I've been looking at Henri Darmon's lectures notes for modular forms, and in lecture 3 he proves the Poisson summation formula, but one step of the proof is that $$\int_0^1\sum_{m\in\mathbb{Z}}f(x+m)e^{-2\pi i nx}dx=\sum_{m\in\mathbb{Z}}\int_0^1f(x+m)e^{-2\pi i nx}dx.$$ In order to justify this, I was hoping to show that the series converges uniformly.

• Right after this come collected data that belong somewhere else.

Lemma cos_mulpi_frac_inj (a b N : nat) : (a <= N)%N -> (b <= N)%N -> (0 < N)%N ->
  cos (a%:R * pi / N%:R) = cos (b%:R * pi / N%:R) :> R -> a = b.
Proof.
move=> aN bN N_gt0 /cos_inj; rewrite !in_itv /= !mulpi_frac_ge0_lepi // => /(_ isT isT).
move/(mulIf _)/(mulIf _); rewrite invr_eq0 pnatr_eq0 -lt0n N_gt0 gt_eqF ?pi_gt0 //.
by move=> /(_ isT isT) /eqP; rewrite eqr_nat => /eqP.
Qed.

Lemma cos_mulpi_frac_nonincr (i j N : nat) : (0 < N)%N -> (i <= j <= N)%N ->
  cos (j%:R * pi / N%:R) <= cos (i%:R * pi / N%:R) :> R.
Proof.
move=> N_gt0 /andP [ij jN].
rewrite ler_cos ?in_itv /=; last 2 first.
- exact: (mulpi_frac_ge0_lepi (leq_trans ij jN) N_gt0).
- exact: (mulpi_frac_ge0_lepi jN N_gt0).
by rewrite !ler_pM2r ?invr_gt0 ?ltr0n ?pi_gt0 // ler_nat.
Qed.

Lemma cos_mulpi_frac_ge0 (a N : nat) : (2 * a <= N)%N ->
  0 <= cos (a%:R * pi / N%:R) :> R.
Proof.
by move=> aN; rewrite cos_ge0_pihalf //; have := mulpi_frac_in_pihalf aN; rewrite in_itv.
Qed.

Lemma cos_mulpi_frac_le0 (a N : nat) : (0 < N)%N -> (N <= 2 * a)%N -> (a <= N)%N ->
  cos (a%:R * pi / N%:R) <= 0 :> R.
Proof.
move=> N_gt0 Na aN; rewrite -cos_pihalf ler_cos ?pihalf_le_mulpi_frac // in_itv /=.
  by rewrite divr_ge0 ?pi_ge0 //=; have := pi_gt0 R; lra.
exact: mulpi_frac_ge0_lepi.
Qed.

Lemma sin_mulpi_frac_reflect (k N : nat) : (k <= N)%N ->
  sin ((N - k)%:R * pi / N%:R) = sin (k%:R * pi / N%:R) :> R.
Proof.
move=> kN; have [N0|N_gt0] := posnP N; first by move: kN; rewrite N0 leqn0 => /eqP ->.
have -> : (N - k)%:R * pi / N%:R = pi - k%:R * pi / N%:R :> R.
  by rewrite natrB //; field; rewrite pnatr_eq0 -lt0n.
by rewrite sinB sinpi cospi mul0r sub0r mulN1r opprK.
Qed.

Lemma sin_mulpi_frac_le (i j N : nat) : (i <= j)%N -> (i + j <= N)%N ->
  sin (i%:R * pi / N%:R) <= sin (j%:R * pi / N%:R) :> R.
Proof.
have sin_mono k l : (k <= l)%N -> (2 * l <= N)%N ->
    sin (k%:R * pi / N%:R) <= sin (l%:R * pi / N%:R) :> R.
  move=> kl lN; have kN : (2 * k <= N)%N by rewrite (leq_trans _ lN) ?leq_mul2l ?kl ?orbT.
  rewrite ler_sin ?mulpi_frac_in_pihalf //.
  by rewrite ler_wpM2r ?invr_ge0 ?ler0n // ler_wpM2r ?pi_ge0 // ler_nat.
move=> ij ijN; have [jN|jN] := leqP (2 * j) N; first exact: sin_mono.
by rewrite -(@sin_mulpi_frac_reflect j N) ?sin_mono //; lia.
Qed.

End MultiplesOfPiFraction.

Section TridiagToeplitzSpectrum.
Variable R : realType.
Local Notation C := R[i].

Lemma tridiag_toeplitz_mul_col n (sigma delta tau : C) (g : nat -> C) (i : 'I_n) :
  g 0%N = 0 -> g n.+1 = 0 ->
  (tridiag_toeplitz n sigma delta tau *m \col_k g k.+1) i 0
  = sigma * g i + delta * g i.+1 + tau * g i.+2.
Proof.
move=> g0 gn1.
have entry (l : 'I_n) : tridiag_toeplitz n sigma delta tau i l * (\col_k g k.+1) l 0
    = (if l == i.-1 :> nat then sigma * g i else 0)
    + (if l == i :> nat then delta * g i.+1 else 0)
    + (if l == i.+1 :> nat then tau * g i.+2 else 0).
  rewrite !mxE; move: (nat_of_ord l) (nat_of_ord i) => a [|b] /=;
    by do ![case: eqP => ?]; subst; rewrite ?g0 ?mul0r ?mulr0 ?addr0 ?add0r //; lia.
rewrite mxE (eq_bigr _ (fun l _ => entry l)) !big_split /= -!big_mkcond /=.
rewrite (big_ord1_eq _ (fun _ => sigma * g i)) (big_ord1_eq _ (fun _ => delta * g i.+1)).
rewrite (big_ord1_eq _ (fun _ => tau * g i.+2)) ltn_ord (leq_ltn_trans (leq_pred i)) //.
case: ltnP => // i_last; have -> : i.+2 = n.+1 by move: (ltn_ord i) i_last; lia.
by rewrite gn1 mulr0.
Qed.

(* With [s ^+ 2 = sigma * tau], [(s / tau) ^+ k] is the factor [(sigma / tau) ^ (k / 2)]
   of the classical eigenvectors of tridiagonal Toeplitz matrices. *)
Definition ttoep_evec_entry (s tau : C) (n j k : nat) : C :=
  (s / tau) ^+ k * (sin (k%:R * (j%:R * pi / n.+1%:R)))%:C.

Definition ttoep_evec (s tau : C) (n j : nat) : 'cV[C]_n :=
  \col_k ttoep_evec_entry s tau n j k.+1.

Lemma ttoep_evec_eig n (sigma delta tau s : C) j :
  tau != 0 -> s ^+ 2 = sigma * tau ->
  tridiag_toeplitz n sigma delta tau *m ttoep_evec s tau n j
  = ttoep_eig n delta s j *: ttoep_evec s tau n j.
Proof.
move=> tau0 s2; apply/matrixP => i k; rewrite (ord1 k) tridiag_toeplitz_mul_col.
- rewrite !mxE /ttoep_evec_entry /ttoep_eig -mulrA sin_mulSS.
  have -> : sigma = s ^+ 2 / tau by rewrite s2 mulfK.
  by rewrite rmorphB !rmorphM rmorph_nat !exprS; field.
- by rewrite /ttoep_evec_entry mul0r sin0 mulr0.
by rewrite /ttoep_evec_entry (mulrC n.+1%:R) mulfVK ?pnatr_eq0 // sin_nat_mulpi mulr0.
Qed.

Lemma ttoep_evec_neq0 n (s tau : C) j : s != 0 -> tau != 0 -> (0 < n)%N ->
  (0 < j <= n)%N -> ttoep_evec s tau n j != 0.
Proof.
move=> s0 tau0 n_gt0 /andP [j_gt0 jn]; apply/negP => /eqP/matrixP/(_ (Ordinal n_gt0) 0).
rewrite !mxE /ttoep_evec_entry mul1r expr1 => /eqP; apply/negP.
by rewrite !mulf_neq0 ?invr_eq0 // fmorph_eq0 gt_eqF // sin_gt0_pi // mulpi_frac_gt0_ltpi.
Qed.

Lemma ttoep_eig_inj n (delta s : C) a b : s != 0 ->
  (a <= n.+1)%N -> (b <= n.+1)%N -> ttoep_eig n delta s a = ttoep_eig n delta s b -> a = b.
Proof.
move=> s0 an bn /addrI/mulfI; rewrite mulf_neq0 ?pnatr_eq0 // => /(_ isT) /complexI.
exact: cos_mulpi_frac_inj.
Qed.

Lemma normal_ttoep_unitary_diag n (sigma delta tau s : C) :
  sigma * tau != 0 -> s ^+ 2 = sigma * tau ->
  normal_mx (tridiag_toeplitz n sigma delta tau) ->
  exists Q : 'M[C]_n, ctr Q *m Q = 1%:M /\
    tridiag_toeplitz n sigma delta tau *m Q
    = Q *m diag_mx (\row_(k < n) ttoep_eig n delta s k.+1).
Proof.
move=> st s2 T_normal.
have s0 : s != 0 by apply: contraNneq st => s0; rewrite -s2 s0 expr0n.
have tau0 : tau != 0 by apply: contraNneq st => ->; rewrite mulr0.
apply: (normal_unitary_diag (v := fun k : 'I_n => ttoep_evec s tau n k.+1)) => //.
- by move=> a b /(ttoep_eig_inj s0 (leqW (ltn_ord a)) (leqW (ltn_ord b))) [/val_inj].
- by move=> k; rewrite ttoep_evec_neq0 ?(leq_ltn_trans _ (ltn_ord k)).
by move=> k; rewrite ttoep_evec_eig.
Qed.

Lemma normal_ttoep_cabs n (sigma delta tau : C) : (2 <= n)%N ->
  normal_mx (tridiag_toeplitz n sigma delta tau) -> cabs sigma = cabs tau.
Proof.
case: n => [|[|n]] // _ /(congr1 (fun M : 'M[C]_n.+2 => M ord0 ord0)).
rewrite !mxE !big_ord_recl !big1 => [|i _|i _]; rewrite ?mxE //= ?mul0r ?mulr0 //.
rewrite !addr0 (mulrC (conjc delta)) (mulrC (conjc sigma)) => /addrI.
by rewrite -!sqr_cabs => /complexI/eqP; rewrite eqrXn2 ?cabs_ge0 // => /eqP.
Qed.

Lemma ttoep_eig_dist n (delta s : C) a b :
  cabs (ttoep_eig n delta s a - ttoep_eig n delta s b)
  = 2 * cabs s * `|cos (a%:R * pi / n.+1%:R) - cos (b%:R * pi / n.+1%:R)|.
Proof.
rewrite /ttoep_eig opprD addrACA subrr add0r -mulrBr -rmorphB !cabsM cabs_real.
by rewrite -(rmorph_nat (@real_complex R) 2) cabs_real normr_nat.
Qed.

End TridiagToeplitzSpectrum.

Lemma dist_ge_neighbour_gap (R : realDomainType) (c : nat -> R) (N h m : nat) e :
  (forall i j, (i <= j <= N)%N -> c j <= c i) -> (h <= N)%N -> (m <= N)%N -> m != h ->
  ((m < h)%N -> e <= c h.-1 - c h) -> ((h < m)%N -> e <= c h - c h.+1) ->
  e <= `|c h - c m|.
Proof.
move=> c_noninc hN mN mh left right; case: ltngtP mh => // [mlt|hlt] _.
  rewrite distrC (le_trans (left mlt)) // (le_trans _ (ler_norm _)) // lerD2r.
  by apply: c_noninc; lia.
rewrite (le_trans (right hlt)) // (le_trans _ (ler_norm _)) // lerD2l lerN2.
by apply: c_noninc; rewrite hlt.
Qed.

(* The nearest eigenvalue to [lambda_h] is [lambda_(h-1)] in the first case and
   [lambda_(h+1)] in the second; [2 h -+ 1] indexes the corresponding gap. *)
Definition ttoep_gap_index (n h : nat) : nat :=
  (if ((1 < h) && (2 * h <= n)) || (h == n) then 2 * h - 1 else 2 * h + 1)%N.

Lemma ttoep_gap_index_bounds n h : (2 <= n)%N -> (1 <= h <= n)%N ->
  (3 <= ttoep_gap_index n h)%N && (ttoep_gap_index n h + 3 <= 2 * n.+1)%N.
Proof. by rewrite /ttoep_gap_index; case: ifP; lia. Qed.

Section CosineGaps.
Variables (R : realType) (n : nat).
Local Notation c m := (cos (m%:R * pi / n.+1%:R) : R).
Local Notation gap k :=
  (2 * sin (pi / (2 * n.+1)%:R) * sin (k%:R * pi / (2 * n.+1)%:R) : R).

Lemma cos_sub_succ m : c m - c m.+1 = gap (2 * m + 1).
Proof.
set a : R := pi / (2 * n.+1)%:R.
have n1_neq0 : 1 + n%:R != 0 :> R by rewrite addrC natr1 pnatr_eq0.
have dbl k : k%:R * pi / n.+1%:R = (2 * k)%:R * a by rewrite /a !natrM; field.
have two_m : (2 * m)%:R = (2 * m + 1)%:R - 1 :> R by rewrite natrD addrK.
have two_mS : (2 * m.+1)%:R = (2 * m + 1)%:R + 1 :> R.
  by rewrite natr1; congr _%:R; lia.
rewrite !dbl -[(2 * m + 1)%:R * pi / _]mulrA -/a two_m two_mS mulrBl mulrDl mul1r.
by rewrite cosB cosD; ring.
Qed.

Lemma cos_sub_succ_diff m :
  (c m - c m.+1) - (c m.+1 - c m.+2) = 2 * c m.+1 * (cos (pi / n.+1%:R) - 1).
Proof.
set t : R := pi / n.+1%:R.
have n1_neq0 : 1 + n%:R != 0 :> R by rewrite addrC natr1 pnatr_eq0.
have -> : m%:R * pi / n.+1%:R = m.+1%:R * pi / n.+1%:R - t.
  by rewrite /t -[m.+1]addn1 natrD; field.
have -> : m.+2%:R * pi / n.+1%:R = m.+1%:R * pi / n.+1%:R + t.
  by rewrite /t -[m.+2]addn1 natrD; field.
by rewrite cosB cosD; ring.
Qed.

Lemma cos_min_gap h : (2 <= n)%N -> (1 <= h <= n)%N ->
  (forall m, (1 <= m <= n)%N -> m != h -> gap (ttoep_gap_index n h) <= `|c h - c m|) /\
  exists2 m, (1 <= m <= n)%N && (m != h) & `|c h - c m| = gap (ttoep_gap_index n h).
Proof.
move=> n2 /andP [h1 hn].
have c_noninc i j : (i <= j <= n.+1)%N -> c j <= c i by apply: cos_mulpi_frac_nonincr.
have gap_left : c h.-1 - c h = gap (2 * h - 1).
  by rewrite -(_ : 2 * h.-1 + 1 = 2 * h - 1)%N; [rewrite -cos_sub_succ prednK | lia].
have second_diff := cos_sub_succ_diff h.-1; rewrite prednK // in second_diff.
have cos_t_le1 : cos (pi / n.+1%:R) <= 1 :> R by apply: cos_le1.
have dist_left : `|c h - c h.-1| = c h.-1 - c h.
  by rewrite distrC ger0_norm // subr_ge0 c_noninc //; lia.
have dist_right : `|c h - c h.+1| = c h - c h.+1.
  by rewrite ger0_norm // subr_ge0 c_noninc //; lia.
rewrite /ttoep_gap_index; case: ifP => [case1|/negbT case2].
  rewrite -gap_left; split; last by exists h.-1; [lia | rewrite dist_left].
  move=> m /andP [m1 mn] mh.
  apply: (dist_ge_neighbour_gap c_noninc (leqW hn) (leqW mn) mh) => // hm.
  have : 0 <= c h by apply: cos_mulpi_frac_ge0; lia.
  by nra.
rewrite -cos_sub_succ; split; last by exists h.+1; [lia | rewrite dist_right].
move=> m /andP [m1 mn] mh.
apply: (dist_ge_neighbour_gap c_noninc (leqW hn) (leqW mn) mh) => // mh'.
have : c h <= 0 by apply: cos_mulpi_frac_le0; lia.
by nra.
Qed.

End CosineGaps.

Section ConditionNumber.
Variable R : realType.
Local Notation C := R[i].

Lemma kbound_reflect n (sigma : C) k : (k <= 2 * n.+1)%N ->
  kbound n sigma (2 * n.+1 - k) = kbound n sigma k.
Proof. by move=> kn; rewrite /kbound sin_mulpi_frac_reflect. Qed.

Lemma kbound_le3 n (sigma : C) k : sigma != 0 -> (3 <= k)%N -> (k + 3 <= 2 * n.+1)%N ->
  kbound n sigma k <= kbound n sigma 3.
Proof.
move=> sigma0 k3 kn.
have a_gt0 : 0 < sin (pi / (2 * n.+1)%:R) :> R by apply: sin_pi_frac_gt0; lia.
have k_gt0 : 0 < sin (k%:R * pi / (2 * n.+1)%:R) :> R by apply: sin_mulpi_frac_gt0; lia.
have three_gt0 : 0 < sin (3%:R * pi / (2 * n.+1)%:R) :> R.
  by apply: sin_mulpi_frac_gt0; lia.
rewrite /kbound lef_pV2 ?posrE ?mulr_gt0 ?cabs_gt0 // ler_pM2l ?mulr_gt0 ?cabs_gt0 //.
by apply: sin_mulpi_frac_le; lia.
Qed.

It should be noted that we're assuming that $f$ is a Schwarz function, meaning that for all $N\geq1$, $|f(x)|\ll|x|^{-N}$ as $x\to\infty$.
My thought was to try a direct approach $$|\sum_{m\in\mathbb{Z}}f(x+m)e^{-2\pi i n x}-\sum_{-M}^Mf(x+m)e^{-2\pi i nx}|\\=|\sum_{-\infty}^{-M}f(x+m)e^{-2\pi i n x}+\sum_{M}^\infty f(x+m)e^{-2\pi i nx}|\\\leq\sum_{-\infty}^{-M}|f(x+m)|+\sum_{M}^\infty|f(x+m)|.$$ Now my hope at this point was to exploit the Schwarzness of $f$ to get that this is at most $$\sum_{-\infty}^{-M}|x+m|^{-N}+\sum_{M}^\infty|x+m|^{-N}$$ which should hold assuming that $M$ is large enough, and $|x|\ll M$. I thought maybe some clever choice of $N$ could help me get a term which goes to zero, and doesn't depend on $x$, but I don't see how to do it.
EDIT: So right after posting this I realized that as $M\to\infty$ both of the sums should go to zero, and this should give me the result I want, right?